## Task item
Exact repetition is required: reproduce every line of the data.

## The data
(* Every sawed tree $F$ of height $n$ validates $\mathbf{PL}_n$.
   Context: A finite tree is a finite rooted poset in which each $\downarrow x$ is a chain; $\mathrm{Top}(T)$ is its set of maximal elements. Let $T$ be a finite tree of height $>0$ all of whose top elements have the same height, with a plane ordering $\prec$ of $\mathrm{Top}(T)$ (a linear order such that each $\uparrow x\cap\mathrm{Top}(T)$ is a $\prec$-interval); enumerate $\mathrm{Top}(T)=\{t_1\prec\cdots\prec t_k\}$. The sawed tree based on $(T,\prec)$ is $T$ together with new elements $s_1,\dots,s_{k-1}$ with $t_i<s_i$ and $t_{i+1}<s_i$ (closed under transitivity). The height of a poset is the maximum of $|C|-1$ over chains $C$. For a finite rooted poset $Q$, $\chi(Q)$ is its Jankov–Fine formula: a frame validates $\chi(Q)$ iff it has no surjective p-morphism (map with $f(\uparrow x)=\uparrow f(x)$) from an upset of it onto $Q$. $\mathbf{BD}_n$ is the logic of all finite frames of height at most $n$. The 3-fork is $\{r,a,b,c\}$ with $r<a,r<b,r<c$ only; the Scott frame is $\{r,u_1,u_2,v\}$ with $r<u_1<u_2$, $r<v$ (and $r<u_2$) only. $\mathbf{PL}_n$ is the smallest intermediate logic containing $\mathbf{BD}_n$, $\chi(\text{3-fork})$ and $\chi(\text{Scott frame})$. *)

From mathcomp Require Import all_boot.
Set Implicit Arguments. Unset Strict Implicit. Unset Printing Implicit Defensive.

Inductive form : Type :=
| Var : nat -> form
| Bot : form
| And : form -> form -> form
| Or  : form -> form -> form
| Imp : form -> form -> form.

Fixpoint subst (s : nat -> form) (f : form) : form :=
  match f with
  | Var p => s p
  | Bot => Bot
  | And a b => And (subst s a) (subst s b)
  | Or a b => Or (subst s a) (subst s b)
  | Imp a b => Imp (subst s a) (subst s b)
  end.

Definition porder (T : finType) (R : rel T) : Prop :=
  [/\ reflexive R, antisymmetric R & transitive R].

Fixpoint forces (T : finType) (R : rel T) (V : nat -> T -> bool) (x : T) (f : form) : Prop :=
  match f with
  | Var p => V p x
  | Bot => False
  | And a b => forces R V x a /\ forces R V x b
  | Or a b => forces R V x a \/ forces R V x b
  | Imp a b => forall y, R x y -> forces R V y a -> forces R V y b
  end.

Definition upval (T : finType) (R : rel T) (V : nat -> T -> bool) : Prop :=
  forall p x y, R x y -> V p x -> V p y.

Definition valid (T : finType) (R : rel T) (f : form) : Prop :=
  forall V, upval R V -> forall x, forces R V x f.

Definition chain (T : finType) (R : rel T) (C : {set T}) : bool :=
  [forall x in C, forall y in C, R x y || R y x].

Definition height (T : finType) (R : rel T) : nat :=
  \max_(C : {set T} | chain R C) (#|C|.-1).

Definition BD (n : nat) (f : form) : Prop :=
  forall (T : finType) (R : rel T), porder R -> height R <= n -> valid R f.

## Output of the task
(* Every sawed tree $F$ of height $n$ validates $\mathbf{PL}_n$.
   Context: A finite tree is a finite rooted poset in which each $\downarrow x$ is a chain; $\mathrm{Top}(T)$ is its set of maximal elements. Let $T$ be a finite tree of height $>0$ all of whose top elements have the same height, with a plane ordering $\prec$ of $\mathrm{Top}(T)$ (a linear order such that each $\uparrow x\cap\mathrm{Top}(T)$ is a $\prec$-interval); enumerate $\mathrm{Top}(T)=\{t_1\prec\cdots\prec t_k\}$. The sawed tree based on $(T,\prec)$ is $T$ together with new elements $s_1,\dots,s_{k-1}$ with $t_i<s_i$ and $t_{i+1}<s_i$ (closed under transitivity). The height of a poset is the maximum of $|C|-1$ over chains $C$. For a finite rooted poset $Q$, $\chi(Q)$ is its Jankov–Fine formula: a frame validates $\chi(Q)$ iff it has no surjective p-morphism (map with $f(\uparrow x)=\uparrow f(x)$) from an upset of it onto $Q$. $\mathbf{BD}_n$ is the logic of all finite frames of height at most $n$. The 3-fork is $\{r,a,b,c\}$ with $r<a,r<b,r<c$ only; the Scott frame is $\{r,u_1,u_2,v\}$ with $r<u_1<u_2$, $r<v$ (and $r<u_2$) only. $\mathbf{PL}_n$ is the smallest intermediate logic containing $\mathbf{BD}_n$, $\chi(\text{3-fork})$ and $\chi(\text{Scott frame})$. *)

From mathcomp Require Import all_boot.
Set Implicit Arguments. Unset Strict Implicit. Unset Printing Implicit Defensive.

Inductive form : Type :=
| Var : nat -> form
| Bot : form
| And : form -> form -> form
| Or  : form -> form -> form
| Imp : form -> form -> form.

Fixpoint subst (s : nat -> form) (f : form) : form :=
  match f with
  | Var p => s p
  | Bot => Bot
  | And a b => And (subst s a) (subst s b)
  | Or a b => Or (subst s a) (subst s b)
  | Imp a b => Imp (subst s a) (subst s b)
  end.

Definition porder (T : finType) (R : rel T) : Prop :=
  [/\ reflexive R, antisymmetric R & transitive R].

Fixpoint forces (T : finType) (R : rel T) (V : nat -> T -> bool) (x : T) (f : form) : Prop :=
  match f with
  | Var p => V p x
  | Bot => False
  | And a b => forces R V x a /\ forces R V x b
  | Or a b => forces R V x a \/ forces R V x b
  | Imp a b => forall y, R x y -> forces R V y a -> forces R V y b
  end.

Definition upval (T : finType) (R : rel T) (V : nat -> T -> bool) : Prop :=
  forall p x y, R x y -> V p x -> V p y.

Definition valid (T : finType) (R : rel T) (f : form) : Prop :=
  forall V, upval R V -> forall x, forces R V x f.

Definition chain (T : finType) (R : rel T) (C : {set T}) : bool :=
  [forall x in C, forall y in C, R x y || R y x].

Definition height (T : finType) (R : rel T) : nat :=
  \max_(C : {set T} | chain R C) (#|C|.-1).

Definition BD (n : nat) (f : form) : Prop :=
  forall (T : finType) (R : rel T), porder R -> height R <= n -> valid R f.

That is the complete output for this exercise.